## Material shown
____________
(* Let $G$ be a graph and let $xTy$ be a path-thread of $G$ with $x\ne y$. Let $T'$ be the path obtained from $T$ by deleting $x$ and $y$, and suppose $v(T')=3m+2$ for some integer $m\ge1$. Let $G'$ be obtained from $G-V(T')$ by adding a new vertex $z$ and the two new edges $xz$ and $yz$. Then $\lambda(G')\ge v(G')/4$ implies $\lambda(G)\ge v(G)/4$.
   Context: All graphs are finite and simple. $v(G)$ is the number of vertices. $\lambda(G)$ denotes the maximum number of pairwise vertex-disjoint subgraphs of $G$ each of which is a path with exactly two edges. A path-thread of $G$ is a path $P$ in $G$, maximal under inclusion among paths, such that every internal vertex of $P$ has degree $2$ in $G$; its end-vertices are $x,y$, written $xPy$. *)

(* A finite simple graph is a symmetric irreflexive
   relation e : rel V on a finType V. *)
From mathcomp Require Import all_boot.
Set Implicit Arguments. Unset Strict Implicit. Unset Printing Implicit Defensive.

Section Graphs.
Variable V : finType.
Variable e : rel V.

Definition deg (v : V) : nat := #|[set w | e v w]|.

Definition is_gpath (p : seq V) : bool :=
  if p is a :: q then path e a q && uniq p else false.

Definition internal (p : seq V) : seq V := drop 1 (take (size p).-1 p).

Definition internal_deg2 (p : seq V) : bool :=
  all (fun v => deg v == 2) (internal p).

Definition pedges (p : seq V) : seq (V * V) := zip p (behead p).

Definition sub_gpath (p q : seq V) : bool :=
  all (fun v => v \in q) p &&
  all (fun ab => ((ab.1, ab.2) \in pedges q) || ((ab.2, ab.1) \in pedges q))
      (pedges p).

(* path-thread: a path whose internal vertices have degree 2 in G, maximal
   under inclusion among such paths *)
Definition is_thread (p : seq V) : Prop :=
  [/\ is_gpath p, internal_deg2 p &
      forall q, is_gpath q -> internal_deg2 q -> sub_gpath p q -> size q = size p].

Definition P3 (t : V * V * V) : bool :=
  [&& e t.1.1 t.1.2, e t.1.2 t.2 & t.1.1 != t.2].

Definition tverts (t : V * V * V) : seq V := [:: t.1.1; t.1.2; t.2].

Definition packing (P : {set V * V * V}) : bool :=
  [forall t in P, P3 t] &&
  [forall t1 in P, forall t2 in P,
     (t1 != t2) ==> ~~ has (fun v => v \in tverts t2) (tverts t1)].

Definition lam : nat := \max_(P : {set V * V * V} | packing P) #|P|.

End Graphs.

(* G' : from G - V(T') (T' given by the vertex list s) add new vertex z
   (= None) with edges xz, yz *)
Definition cadj (V : finType) (e : rel V) (s : seq V) (x y : V)
  : rel (option {v : V | v \notin s}) :=
  fun a b => match a, b with
  | Some u, Some w => e (val u) (val w)
  | None, Some w => (val w == x) || (val w == y)
  | Some u, None => (val u == x) || (val u == y)
  | None, None => false
  end.
Arguments cadj [V] e s x y _ _.

From mathcomp Require Import all_boot zify.
Set Implicit Arguments. Unset Strict Implicit. Unset Printing Implicit Defensive.

(* Write T' = s_0 ... s_(3m+1).  Take a maximum P3-packing of G'.  At most one
   of its paths passes through z; reroute it into T' by replacing z with the
   neighbour of x or y on T', or, when z is its middle vertex, by the path
   x s_0 s_1.  This uses at most two vertices at one end of T', so 3m
   consecutive vertices of T' stay free and carry m more disjoint P3s.  Hence
   lambda(G) >= lambda(G') + m, and v(G) = v(G') + 3m + 1 <= 4 lambda(G') + 3m + 1
   <= 4 lambda(G) as m >= 1. *)

Lemma pairwise_neqP (T : eqType) (r : rel T) (L : seq T) :
  symmetric r -> uniq L ->
  reflect {in L &, forall a b, a != b -> r a b} (pairwise r L).
Proof.
move=> rsym; elim: L => [|h L IH] /= uL; first by apply: (iffP idP).
case/andP: uL => hL /IH{}IH; apply: (iffP andP) => [[/allP rh /IH rL]|rL].
- move=> a b; rewrite !inE => /orP[/eqP->|aL] /orP[/eqP->|bL]; rewrite ?eqxx //.
  + by move=> _; apply: rh.
  + by move=> _; rewrite rsym; apply: rh.
  + exact: rL.
split; last by apply/IH => a b aL bL; apply: rL; rewrite inE ?aL ?bL orbT.
apply/allP => b bL; apply: rL; rewrite ?inE ?eqxx ?bL ?orbT //.
by apply: contraNneq hL => ->.
Qed.

Lemma mem_drop_notin_take (T : eqType) (s : seq T) n v :
  uniq s -> v \in drop n s -> v \notin take n s.
Proof.
by rewrite -[s in uniq s](cat_take_drop n) cat_uniq => /and3P[_ /hasPn D _] /D.
Qed.

Section Packing.
Variables (T : finType) (e : rel T).

Definition tdisjoint (a b : T * T * T) : bool :=
  ~~ has (fun v => v \in tverts b) (tverts a).

Lemma tdisjointP a b :
  reflect (forall v, v \in tverts a -> v \in tverts b -> False) (tdisjoint a b).
Proof.
apply: (iffP hasPn) => D v va; first by apply/negP; exact: D.
by apply/negP; exact: D.
Qed.

Lemma tdisjoint_sym : symmetric tdisjoint.
Proof. by move=> a b; apply/tdisjointP/tdisjointP => D v va vb; exact: D vb va. Qed.

Lemma tdisjoint_irr : irreflexive tdisjoint.
Proof.
by move=> a; apply/negbTE/negP => /tdisjointP/(_ a.1.1); rewrite inE eqxx; apply.
Qed.

Lemma packingP P :
  packing e P ->
  {in P, forall t, P3 e t} /\ {in P &, forall a b, a != b -> tdisjoint a b}.
Proof.
case/andP => /forallP P3P /forallP DP; split=> [t tP | a b aP bP].
- by move: (P3P t); rewrite tP.
- by move: (DP a); rewrite aP => /forallP/(_ b); rewrite bP /= => /implyP D /D.
Qed.

Lemma size_le_lam L : all (P3 e) L -> pairwise tdisjoint L -> size L <= lam e.
Proof.
move=> P3L DL; have uL : uniq L := pairwise_uniq tdisjoint_irr DL.
have -> : size L = #|[set t in L]| by rewrite cardsE (card_uniqP uL).
apply: leq_bigmax_cond; apply/andP; split.
- by apply/forallP => t; apply/implyP; rewrite inE; exact: (allP P3L).
apply/forallP => a; apply/implyP; rewrite inE => aL.
apply/forallP => b; apply/implyP; rewrite inE => bL; apply/implyP.
exact: (elimT (pairwise_neqP tdisjoint_sym uL) DL).
Qed.

Lemma lam_attained : exists2 P, packing e P & #|P| = lam e.
Proof.
have P0 : packing e set0 by apply/andP; split; apply/forallP => t; rewrite inE.
exists [arg max_(P > set0 | packing e P) #|P|]; first by case: arg_maxnP.
by rewrite /lam (bigmax_eq_arg set0 P0).
Qed.

Fixpoint chunks (l : seq T) : seq (T * T * T) :=
  if l is a :: b :: c :: r then (a, b, c) :: chunks r else [::].

Lemma size_chunks l : size (chunks l) = size l %/ 3.
Proof.
have [n] := ubnP (size l); elim: n l => // n IH [|a [|b [|c r]]] //= lt_r.
rewrite IH; last lia.
by rewrite -[(size r).+3]/(1 * 3 + size r) divnMDl.
Qed.

Lemma mem_chunks l t v : t \in chunks l -> v \in tverts t -> v \in l.
Proof.
have [n] := ubnP (size l); elim: n l => // n IH [|a [|b [|c r]]] //= lt_r.
rewrite inE => /orP[/eqP-> | tr vt]; first by rewrite !inE => /or3P[]->; rewrite ?orbT.
by rewrite !inE (IH r) ?orbT //; lia.
Qed.

Lemma chunks_P3 l : sorted e l -> uniq l -> all (P3 e) (chunks l).
Proof.
have [n] := ubnP (size l); elim: n l => // n IH [|a [|b [|c r]]] //= lt_r.
case/and3P=> ab bc /path_sorted cr /and4P[/[!inE] /norP[_ /norP[ac _]] _ _ ur].
by rewrite /P3 /= ab bc ac IH //; lia.
Qed.

Lemma chunks_pairwise l : uniq l -> pairwise tdisjoint (chunks l).
Proof.
have [n] := ubnP (size l); elim: n l => // n IH [|a [|b [|c r]]] //= lt_r.
case/and4P => /[!inE] /norP[_ /norP[_ ar]] /norP[_ br] cr ur.
have lt_rn : size r < n by rewrite ltnS in lt_r; exact: ltnW (ltnW lt_r).
rewrite IH ?andbT //; apply/allP => t tr; apply/tdisjointP => v vt /(mem_chunks tr).
by move: vt; rewrite !inE => /or3P[]/eqP->; apply/negP.
Qed.

End Packing.

Section Thread.
Variables (V : finType) (e : rel V) (x y : V) (s : seq V) (m : nat).
Hypotheses (esym : symmetric e) (path_xsy : path e x (rcons s y))
  (uniq_xsy : uniq (x :: rcons s y)) (size_s : size s = 3 * m + 2).

Local Notation W := {v : V | v \notin s}.
Local Notation G' := (cadj e s x y).

Lemma x_notin_s : x \notin s.
Proof. by move: uniq_xsy; rewrite /= mem_rcons inE negb_or => /andP[/andP[]]. Qed.

Lemma uniq_s : uniq s.
Proof. by move: uniq_xsy; rewrite /= rcons_uniq => /andP[_ /andP[]]. Qed.

Lemma path_s : path e x s.
Proof. by move: path_xsy; rewrite rcons_path => /andP[]. Qed.

Lemma adj_x_s0 : e x (nth x s 0).
Proof. by move/(pathP x): path_s => /(_ 0); apply; rewrite size_s addn2. Qed.

Lemma adj_s0_s1 : e (nth x s 0) (nth x s 1).
Proof. by move/(pathP x): path_s => /(_ 1); apply; rewrite size_s addn2. Qed.

Definition inner_nb (b : W) : V := if val b == x then nth x s 0 else last x s.

Lemma inner_nb_in b : inner_nb b \in s.
Proof.
by rewrite /inner_nb -nth_last; case: ifP => _; apply: mem_nth; rewrite size_s addn2.
Qed.

Lemma adj_inner_nb b : (val b == x) || (val b == y) -> e (val b) (inner_nb b).
Proof.
rewrite /inner_nb; case: (eqVneq (val b) x) => [-> _ | _ /= /eqP->].
  exact: adj_x_s0.
by rewrite esym; move: path_xsy; rewrite rcons_path => /andP[].
Qed.

(* The new vertex z is [None]; the last branch is never a P3 of G'. *)
Definition lift (t : option W * option W * option W) : V * V * V :=
  match t with
  | (Some a, Some b, Some c) => (val a, val b, val c)
  | (None, Some b, Some c) => (inner_nb b, val b, val c)
  | (Some a, Some b, None) => (val a, val b, inner_nb b)
  | (_, None, _) => (x, nth x s 0, nth x s 1)
  | (None, Some _, None) => (x, x, x)
  end.

Lemma P3_lift t : P3 G' t -> P3 e (lift t).
Proof.
have inner_nb_neq (a b : W) : inner_nb b != sval a.
  by apply/eqP => E; move: (valP a); rewrite /= -E inner_nb_in.
case: t => [[[a|] [b|]] [c|]]; rewrite /P3 /cadj //= ?andbF //.
- by case/and3P=> -> bxy _; rewrite adj_inner_nb //= eq_sym inner_nb_neq.
- case/and3P=> _ _ _; rewrite adj_x_s0 adj_s0_s1 /=.
  by apply: contraNneq x_notin_s => ->; rewrite mem_nth // size_s addn2.
- by case/and3P=> bxy -> _; rewrite esym adj_inner_nb // inner_nb_neq.
Qed.

Variable P' : {set option W * option W * option W}.
Hypothesis packing_P' : packing G' P'.

Lemma packing_None_unique t1 t2 : t1 \in P' -> t2 \in P' ->
  None \in tverts t1 -> None \in tverts t2 -> t1 = t2.
Proof.
move=> t1P t2P z1 z2; apply/eqP; apply: contraT => ne.
by move/tdisjointP: ((packingP packing_P').2 _ _ t1P t2P ne) => /(_ None z1 z2).
Qed.

(* The number of initial vertices of T' used by the rerouted P3 through z. *)
Definition offset_of (t : option W * option W * option W) : nat :=
  if t.1.2 is Some b then if val b == x then 1 else 0 else 2.

Definition offset : nat :=
  if [pick t in P' | None \in tverts t] is Some t then offset_of t else 0.

Lemma offset_None t : t \in P' -> None \in tverts t -> offset = offset_of t.
Proof.
move=> tP zt; rewrite /offset; case: pickP => [t' /andP[t'P zt'] | /(_ t)].
- by rewrite (packing_None_unique t'P tP).
- by rewrite tP zt.
Qed.

Lemma offset_le2 : offset <= 2.
Proof.
by rewrite /offset /offset_of; case: pickP => // [[[_ [b|]] _]] _ //=; case: ifP.
Qed.

Definition mid : seq V := take (3 * m) (drop offset s).

Lemma size_mid : size mid = 3 * m.
Proof. by rewrite size_takel // size_drop size_s; have := offset_le2; lia. Qed.

Lemma mid_sub v : v \in mid -> v \in s.
Proof. by move/mem_take/mem_drop. Qed.

Lemma s_prefix_notin_mid i : i < offset -> nth x s i \notin mid.
Proof.
move=> lt_i; apply/negP => /mem_take /(mem_drop_notin_take uniq_s)/negP; apply.
rewrite -(nth_take _ lt_i) mem_nth // size_takel // size_s.
by have := offset_le2; lia.
Qed.

Lemma last_notin_mid : offset = 0 -> last x s \notin mid.
Proof.
rewrite /mid => ->; rewrite drop0; apply: mem_drop_notin_take uniq_s _.
have -> : last x s = nth x (drop (3 * m) s) 1.
  by rewrite nth_drop -nth_last size_s addn2 addn1.
by rewrite mem_nth // size_drop size_s; lia.
Qed.

Lemma end_nb_notin_mid t b : t \in P' -> None \in tverts t -> t.1.2 = Some b ->
  inner_nb b \notin mid.
Proof.
move=> tP zt tb; move: (offset_None tP zt); rewrite /offset_of tb /inner_nb.
case: ifP => _ off; last exact: last_notin_mid.
by apply: s_prefix_notin_mid; rewrite off.
Qed.

(* The invariant of the vertices of [lift t] that makes the lifted paths
   pairwise disjoint and disjoint from [chunks mid]. *)
Definition covered (t : option W * option W * option W) (v : V) : bool :=
  if insub v : option W is Some w then Some w \in tverts t
  else (None \in tverts t) && (v \notin mid).

Lemma covered_val t (w : W) : Some w \in tverts t -> covered t (val w).
Proof. by rewrite /covered valK. Qed.

Lemma covered_s t v : v \in s -> None \in tverts t -> v \notin mid -> covered t v.
Proof. by move=> vs zt vm; rewrite /covered insubN ?negbK // zt vm. Qed.

Lemma covered_disjoint t1 t2 v : t1 \in P' -> t2 \in P' -> t1 != t2 ->
  covered t1 v -> covered t2 v -> False.
Proof.
move=> t1P t2P ne; have /tdisjointP D := (packingP packing_P').2 _ _ t1P t2P ne.
rewrite /covered; case: (insub v) => [w|] c1 c2; first exact: D c1 c2.
by case/andP: c1 => z1 _; case/andP: c2 => z2 _; exact: D z1 z2.
Qed.

Lemma covered_notin_mid t v : covered t v -> v \notin mid.
Proof.
apply: contraTN => vm.
by rewrite /covered insubN ?negbK ?mid_sub // vm andbF.
Qed.

Lemma lift_covered t v : t \in P' -> P3 G' t -> v \in tverts (lift t) -> covered t v.
Proof.
case: t => [[[a|] [b|]] [c|]] tP; rewrite /P3 /cadj //= ?andbF // => P3t.
all: rewrite !inE => /or3P[]/eqP->.
all: try by apply: covered_val; rewrite !inE eqxx ?orbT.
all: try by apply: covered_s; rewrite ?inner_nb_in ?inE ?eqxx ?orbT //;
  apply: (end_nb_notin_mid tP); rewrite ?inE ?eqxx ?orbT.
all: have zt : None \in tverts (Some a, None, Some c) by rewrite !inE eqxx orbT.
all: have off2 : offset = 2 := offset_None tP zt.
- case/and3P: P3t => /orP[/eqP<-|/eqP ay] /orP[/eqP<-|/eqP cy] ac.
  1-3: by apply: covered_val; rewrite !inE eqxx ?orbT.
  have /val_inj ac' : sval a = sval c by rewrite ay cy.
  by rewrite ac' eqxx in ac.
all: apply: covered_s; rewrite // ?mem_nth ?s_prefix_notin_mid ?off2 //.
all: by rewrite size_s addn2.
Qed.

Lemma card_packing_add_le_lam : #|P'| + m <= lam e.
Proof.
have [P3P' _] := packingP packing_P'.
pose L := map lift (enum P') ++ chunks mid.
have -> : #|P'| + m = size L.
  by rewrite size_cat size_map size_chunks size_mid -cardE mulKn.
have uniq_mid : uniq mid by apply/take_uniq/drop_uniq/uniq_s.
apply: size_le_lam; rewrite /L ?all_cat ?pairwise_cat.
- rewrite all_map chunks_P3 ?andbT //; last first.
    exact/take_sorted/drop_sorted/path_sorted/path_s.
  by apply/allP => t; rewrite mem_enum => tP; exact/P3_lift/P3P'.
rewrite pairwise_map chunks_pairwise // andbT; apply/andP; split.
- apply/allrelP => a c /mapP[t]; rewrite mem_enum => tP -> cm.
  apply/tdisjointP => v /(lift_covered tP (P3P' t tP))/covered_notin_mid/negP.
  by move=> + /(mem_chunks cm); apply.
apply/(pairwise_neqP _ (enum_uniq _)) => [a b | a b]; first exact: tdisjoint_sym.
rewrite !mem_enum => aP bP ne; apply/tdisjointP => v va vb.
exact: covered_disjoint aP bP ne
  (lift_covered aP (P3P' a aP) va) (lift_covered bP (P3P' b bP) vb).
Qed.

End Thread.

Theorem lemma3p2 (V : finType) (e : rel V) (esym : symmetric e)
  (eirr : irreflexive e) (x y : V) (s : seq V) (m : nat) :
  x != y ->
  is_thread e (x :: rcons s y) ->
  1 <= m ->
  size s = 3 * m + 2 ->
  #|{: option ({v : V | v \notin s})}| <= 4 * lam (cadj e s x y) ->
  #|V| <= 4 * lam e.
Proof.
move=> _ [/andP[path_xsy uniq_xsy] _ _] m_ge1 size_s.
rewrite card_option card_sig; set c := #|[pred v | v \notin s]|.
have [P' packing_P' <-] := lam_attained (cadj e s x y).
have := card_packing_add_le_lam esym path_xsy uniq_xsy size_s packing_P'.
have : c + size s = #|V|.
  by rewrite -(card_uniqP (uniq_s uniq_xsy)) addnC -(cardC (mem s)).
(* [#|P'|] occurs at two syntactically different types, which lia would read
   as distinct atoms. *)
rewrite size_s; set p := #|P'|; lia.
Qed.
____________
## To do
Determine the number of lines in the records that include the string "first", and respond with that number only.

## Solved problem
7